> Activity
From the line holding "Proof. by rewrite /sigma; case: ifP;" to the final line below, restate each line word for word and add nothing.

Stored data entries:
* * *

End FiniteFacts.
Arguments connect_ind {T e} P {x y}.

Section Symdiff.
Variable T : finType.
Implicit Types (A B : {set T}) (t r : T).

Definition toggle A t := symdiff A [set t].

Lemma in_symdiff A B r : (r \in symdiff A B) = ((r \in A) != (r \in B)).
Proof. by rewrite /symdiff !inE; case: (r \in A); case: (r \in B). Qed.

Lemma symdiffC A B : symdiff A B = symdiff B A.
Proof. by apply/setP=> r; rewrite !in_symdiff; case: (r \in A); case: (r \in B). Qed.

Lemma symdiff_toggle A t : symdiff A (toggle A t) = [set t].
Proof.
by apply/setP=> r; rewrite /toggle !in_symdiff !inE; case: (r \in A); case: (r == t).
Qed.

Lemma symdiff_toggle2 A B t : symdiff (toggle A t) (toggle B t) = symdiff A B.
Proof.
apply/setP=> r; rewrite /toggle !in_symdiff !inE.
by case: (r \in A); case: (r \in B); case: (r == t).
Qed.

Lemma toggleK A t : toggle (toggle A t) t = A.
Proof.
by apply/setP=> r; rewrite /toggle !in_symdiff !inE; case: (r \in A); case: (r == t).
Qed.

Lemma toggle2 A t r : t != r -> toggle (toggle A t) r = symdiff A [set t; r].
Proof.
move=> tr; apply/setP=> s; rewrite /toggle !in_symdiff !inE.
have [-> | _] := eqVneq s t; first by rewrite (negbTE tr); case: (t \in A).
by case: (s \in A); case: (s == r).
Qed.

Lemma in_symdiff_toggle2 A t r s :
  s \in symdiff A (toggle (toggle A t) r) -> (s == t) || (s == r).
Proof.
by rewrite /toggle !in_symdiff !inE; case: (s \in A); case: (s == t); case: (s == r).
Qed.

End Symdiff.

Section RibbonFlags.
Variables (V E X : finType) (G : ribbon_graph V E X).
Local Notation nu := (rg_nu G).
Local Notation al := (rg_alpha G).
Local Notation ep := (rg_eps G).
Local Notation ed := (rg_ed G).
Local Notation vt := (rg_vt G).
Implicit Types (F : {set E}) (a b c g h p q x y z : X) (S : {set X}).

Definition tau x := al (ep x).

Lemma tauK : involutive tau.
Proof. by move=> x; rewrite /tau rg_alpha_eps rg_alphaK rg_epsK. Qed.

Lemma tau_neq x : tau x != x. Proof. exact: rg_alpha_eps_nfix. Qed.

Lemma ed_tau x : ed (tau x) = ed x. Proof. by rewrite /tau rg_ed_alpha rg_ed_eps. Qed.

Lemma tau_alpha x : tau (al x) = ep x. Proof. by rewrite /tau rg_alpha_eps rg_alphaK. Qed.

Lemma tau_eps x : tau (ep x) = al x. Proof. by rewrite /tau rg_epsK. Qed.

Lemma edge_flags x y : ed y = ed x -> [\/ y = x, y = al x, y = ep x | y = tau x].
Proof.
move=> exy; pose s := [:: x; al x; ep x; tau x].
have al_ep : al x != ep x.
  by apply: contra (tau_neq x) => /eqP al_ep; rewrite /tau -al_ep rg_alphaK.
have al_tau : al x != tau x.
  by apply: contra (rg_eps_nfix G x) => /eqP /(can_inj (rg_alphaK G)) <-.
have ep_tau : ep x != tau x.
  by apply: contra (rg_alpha_nfix G (ep x)); rewrite /tau => /eqP <-.
have edge_s : [set z in s] = [set z | ed z == ed x].
  apply/eqP; rewrite eqEcard rg_edge4 cardsE (card_uniqP _) /=; last first.
    rewrite !inE !negb_or !(eq_sym x) rg_alpha_nfix rg_eps_nfix tau_neq.
    by rewrite al_ep al_tau ep_tau.
  rewrite andbT; apply/subsetP=> z; rewrite !inE.
  by case/or4P=> /eqP->; rewrite ?rg_ed_alpha ?rg_ed_eps ?ed_tau.
have : y \in [set z | ed z == ed x] by rewrite inE exy.
rewrite -edge_s !inE => /or4P[] /eqP->;
  by [apply: Or41 | apply: Or42 | apply: Or43 | apply: Or44].
Qed.

Definition sigma F x := if ed x \in F then ep x else al x.

Lemma ed_sigma F x : ed (sigma F x) = ed x.
Proof. by rewrite /sigma; case: ifP; rewrite ?rg_ed_alpha ?rg_ed_eps. Qed.

Lemma sigmaK F : involutive (sigma F).
Proof.
move=> x; rewrite {1}/sigma ed_sigma /sigma.
by case: (ed x \in F); rewrite ?rg_alphaK ?rg_epsK.
Qed.

Lemma sigma_neq F x : sigma F x != x.
Proof. by rewrite /sigma; case: ifP => _; [exact: rg_eps_nfix | exact: rg_alpha_nfix]. Qed.

Lemma sigma_tau F x : sigma F (tau x) = tau (sigma F x).
Proof.
rewrite /sigma ed_tau; case: ifP => _; last by rewrite tau_alpha /tau rg_alphaK.
by rewrite tau_eps /tau -rg_alpha_eps rg_epsK.
Qed.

* * *

> Solution to this task
Proof. by rewrite /sigma; case: ifP; rewrite ?rg_ed_alpha ?rg_ed_eps. Qed.

Lemma sigmaK F : involutive (sigma F).
Proof.
move=> x; rewrite {1}/sigma ed_sigma /sigma.
by case: (ed x \in F); rewrite ?rg_alphaK ?rg_epsK.
Qed.

Lemma sigma_neq F x : sigma F x != x.
Proof. by rewrite /sigma; case: ifP => _; [exact: rg_eps_nfix | exact: rg_alpha_nfix]. Qed.

Lemma sigma_tau F x : sigma F (tau x) = tau (sigma F x).
Proof.
rewrite /sigma ed_tau; case: ifP => _; last by rewrite tau_alpha /tau rg_alphaK.
by rewrite tau_eps /tau -rg_alpha_eps rg_epsK.
Qed.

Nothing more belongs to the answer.